16) Study (Studying):
'Study' refers to the detailed research investigation designed to evaluate the efficacy of the Q-absorbance ratio method for drug estimation. This term highlights the systematic approach used in the research, reflecting the meticulous planning necessary to ensure both validity and application of results in the pharmaceutical field.
17) Noise:
'Noise' refers to the background signals or fluctuations that can interfere with measurements in spectrophotometric analysis. Understanding and mitigating noise is crucial in achieving accurate, reproducible results and emphasizes the importance of rigorous methodology to enhance the reliability of the obtained data.
18) Line:
'Line' in this research likely pertains to linearity in the calibration curves express correlations between drug concentration and absorbance.
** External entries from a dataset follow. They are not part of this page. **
(* Let $g>0$, $\varepsilon>0$, $\lambda_0>0$, $\nu_0>0$ be constants. For each $N\ge 1$ define the constants $\Gamma^N,\Phi^N,\Omega^N,\Lambda^N$ and the maps $A^N,S^N$ as in the context below. Then for every $N\ge 2$ the reduced shallow water moment system of order $N$, $\partial_tU+A^N(U)\partial_xU=S^N(U)$ with $U=(h,hu_m)$, is identical to that of order $2$: that is, $A^N(U)=A^2(U)$ and $S^N(U)=S^2(U)$ for all $h>0$, $u_m\in\mathbb{R}$ (equivalently, $\Gamma^N=\Gamma^2$, $\Phi^N=\Phi^2$, $\Omega^N=\Omega^2$ and $\Lambda^N=\Lambda^2$).
   Context: Let $\phi_j(\zeta)=\frac{1}{j!}\frac{\mathrm{d}^j}{\mathrm{d}\zeta^j}(\zeta-\zeta^2)^j$ (scaled Legendre polynomials on $[0,1]$). For $N\ge1$ let $\boldsymbol{C}_N\in\mathbb{R}^{N\times N}$ have entries $C_{ij}=\int_0^1\phi_i'(\zeta)\phi_j'(\zeta)\,\mathrm{d}\zeta$, and let $\widetilde{\boldsymbol{C}}_N$ have entries $(\widetilde{\boldsymbol{C}}_N)_{ij}=(2i+1)C_{ij}$, $i,j=1,\dots,N$; $\boldsymbol{C}_N$ (hence $\widetilde{\boldsymbol{C}}_N$) is invertible. Define, for $i=1,\dots,N$, $\widetilde B_i^{(N)}=\sum_{j=1}^N(\boldsymbol{C}_N^{-1})_{ij}$, $\widetilde F_i^{(N)}=\sum_{j=1}^N(\widetilde{\boldsymbol{C}}_N^{-1}\boldsymbol{C}_N^{-1})_{ij}$, $\widetilde D_i^{(N)}=-\sum_{j=1}^N(\widetilde{\boldsymbol{C}}_N^{-1}\boldsymbol{C}_N^{-1})_{ij}+\Big(\sum_{k,l=1}^N(\boldsymbol{C}_N^{-1})_{kl}\Big)\Big(\sum_{j=1}^N(\boldsymbol{C}_N^{-1})_{ij}\Big)$, and $\Gamma^N=\sum_{j=1}^N\frac{(\widetilde B_j^{(N)})^2}{2j+1}$, $\Phi^N=\sum_{j=1}^N\widetilde F_j^{(N)}$, $\Omega^N=\sum_{j=1}^N\widetilde B_j^{(N)}$, $\Lambda^N=\sum_{j=1}^N\widetilde D_j^{(N)}$. For $U=(h,hu_m)$ with $h>0$, $u_m\in\mathbb{R}$, set \[A^N(U)=\begin{pmatrix}0&1\\ -u_m^2\big(1-\frac{\varepsilon^2h^2}{\lambda_0^2}\Gamma^N\big)+gh\big(1-\frac{\varepsilon^2h^2}{\lambda_0\nu_0}\Phi^N\big) & 2u_m\big(1+\frac{\varepsilon^2h^2}{\lambda_0^2}\Gamma^N\big)\end{pmatrix},\] \[S^N(U)=\begin{pmatrix}0\\ -\frac{\nu_0}{\lambda_0}u_m\big(1-\frac{\varepsilon}{\lambda_0}\Omega^Nh+\frac{\varepsilon^2}{\lambda_0^2}\Lambda^Nh^2\big)\end{pmatrix}.\] The system $\partial_tU+A^N(U)\partial_xU=S^N(U)$ is called the reduced shallow water moment equations (RSWME) of order $N$. *)

From HB Require Import structures.
From mathcomp Require Import all_boot all_order all_algebra.
From mathcomp Require Import all_classical all_reals all_analysis.
Set Implicit Arguments. Unset Strict Implicit. Unset Printing Implicit Defensive.
Import Order.TTheory GRing.Theory Num.Theory.
Local Open Scope ring_scope.
Local Open Scope classical_set_scope.

Section RSWME.
Variable R : realType.

Definition phi (j : nat) : {poly R} :=
  (j`!%:R)^-1 *: ((('X - 'X^2) ^+ j)^`(j)).

(* C_N, indices i : 'I_N stand for i.+1 in 1..N *)
Definition Cmat (N : nat) : 'M[R]_N :=
  \matrix_(i < N, j < N)
    Rintegral lebesgue_measure `[0, 1]
      (fun z : R => ((phi i.+1)^`()).[z] * ((phi j.+1)^`()).[z]).

Definition Ctmat (N : nat) : 'M[R]_N :=
  \matrix_(i < N, j < N) ((2 * i.+1 + 1)%:R * Cmat N i j).

Definition Btil (N : nat) (i : 'I_N) : R := \sum_(j < N) invmx (Cmat N) i j.

Definition Ftil (N : nat) (i : 'I_N) : R :=
  \sum_(j < N) (invmx (Ctmat N) *m invmx (Cmat N)) i j.

Definition Dtil (N : nat) (i : 'I_N) : R :=
  - (\sum_(j < N) (invmx (Ctmat N) *m invmx (Cmat N)) i j)
  + (\sum_(k < N) \sum_(l < N) invmx (Cmat N) k l) *
    (\sum_(j < N) invmx (Cmat N) i j).

Definition GammaN (N : nat) : R :=
  \sum_(j < N) (Btil j ^+ 2) / (2 * j.+1 + 1)%:R.
Definition PhiN (N : nat) : R := \sum_(j < N) Ftil j.
Definition OmegaN (N : nat) : R := \sum_(j < N) Btil j.
Definition LambdaN (N : nat) : R := \sum_(j < N) Dtil j.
Establishing a linear relationship is fundamental for validating analytical methods, ensuring that results can be appropriately interpreted and reliably applied in clinical settings.
Other Science Concepts:
Discover the significance of concepts within the article: ‘Q-absorbance ratio method for cilostazol and imipramine estimation’. Further sources in the context of Science might help you critically compare this page with similair documents:
Central nervous system, Literature survey, Recovery study, Regression analysis, Therapeutic focus, Limit of detection, Limit of quantification, Sample preparation, Calibration curve, Limit of Detection (LOD), Limit of Quantification (LOQ), Pharmaceutical formulation, UV-visible spectrophotometer, Method validation, Spectrophotometric determination, Relative standard deviation, Spectrophotometric analysis, Routine Analysis, Spectrophotometric estimation, Standard solution, Molecular structure, Tricyclic antidepressant, Digital analytical balance.